Data under study START

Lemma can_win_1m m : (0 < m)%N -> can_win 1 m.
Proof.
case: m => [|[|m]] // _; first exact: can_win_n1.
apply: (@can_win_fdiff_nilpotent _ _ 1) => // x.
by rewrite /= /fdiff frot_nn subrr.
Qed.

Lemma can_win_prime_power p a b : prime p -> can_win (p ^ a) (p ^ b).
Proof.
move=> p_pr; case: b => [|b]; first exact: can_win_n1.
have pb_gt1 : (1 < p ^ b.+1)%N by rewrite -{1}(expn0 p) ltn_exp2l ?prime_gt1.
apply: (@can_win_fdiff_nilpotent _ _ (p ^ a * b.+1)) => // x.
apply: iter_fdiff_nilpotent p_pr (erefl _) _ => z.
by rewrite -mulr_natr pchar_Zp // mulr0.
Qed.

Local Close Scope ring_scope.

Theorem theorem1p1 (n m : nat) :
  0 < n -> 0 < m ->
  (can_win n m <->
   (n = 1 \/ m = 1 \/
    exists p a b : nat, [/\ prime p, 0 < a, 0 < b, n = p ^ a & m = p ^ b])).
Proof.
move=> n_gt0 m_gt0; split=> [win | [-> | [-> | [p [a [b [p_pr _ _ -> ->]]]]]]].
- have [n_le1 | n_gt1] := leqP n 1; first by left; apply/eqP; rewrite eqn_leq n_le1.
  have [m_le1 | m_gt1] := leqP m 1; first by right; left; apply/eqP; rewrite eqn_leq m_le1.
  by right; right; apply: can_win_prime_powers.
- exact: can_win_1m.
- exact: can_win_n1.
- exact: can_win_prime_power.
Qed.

Data under study END

Transcribe every record above word for word.

Lemma can_win_1m m : (0 < m)%N -> can_win 1 m.
Proof.
case: m => [|[|m]] // _; first exact: can_win_n1.
apply: (@can_win_fdiff_nilpotent _ _ 1) => // x.
by rewrite /= /fdiff frot_nn subrr.
Qed.

Lemma can_win_prime_power p a b : prime p -> can_win (p ^ a) (p ^ b).
Proof.
move=> p_pr; case: b => [|b]; first exact: can_win_n1.
have pb_gt1 : (1 < p ^ b.+1)%N by rewrite -{1}(expn0 p) ltn_exp2l ?prime_gt1.
apply: (@can_win_fdiff_nilpotent _ _ (p ^ a * b.+1)) => // x.
apply: iter_fdiff_nilpotent p_pr (erefl _) _ => z.
by rewrite -mulr_natr pchar_Zp // mulr0.
Qed.

Local Close Scope ring_scope.

Theorem theorem1p1 (n m : nat) :
  0 < n -> 0 < m ->
  (can_win n m <->
   (n = 1 \/ m = 1 \/
    exists p a b : nat, [/\ prime p, 0 < a, 0 < b, n = p ^ a & m = p ^ b])).
Proof.
move=> n_gt0 m_gt0; split=> [win | [-> | [-> | [p [a [b [p_pr _ _ -> ->]]]]]]].
- have [n_le1 | n_gt1] := leqP n 1; first by left; apply/eqP; rewrite eqn_leq n_le1.
  have [m_le1 | m_gt1] := leqP m 1; first by right; left; apply/eqP; rewrite eqn_leq m_le1.
  by right; right; apply: can_win_prime_powers.
- exact: can_win_1m.
- exact: can_win_n1.
- exact: can_win_prime_power.
Qed.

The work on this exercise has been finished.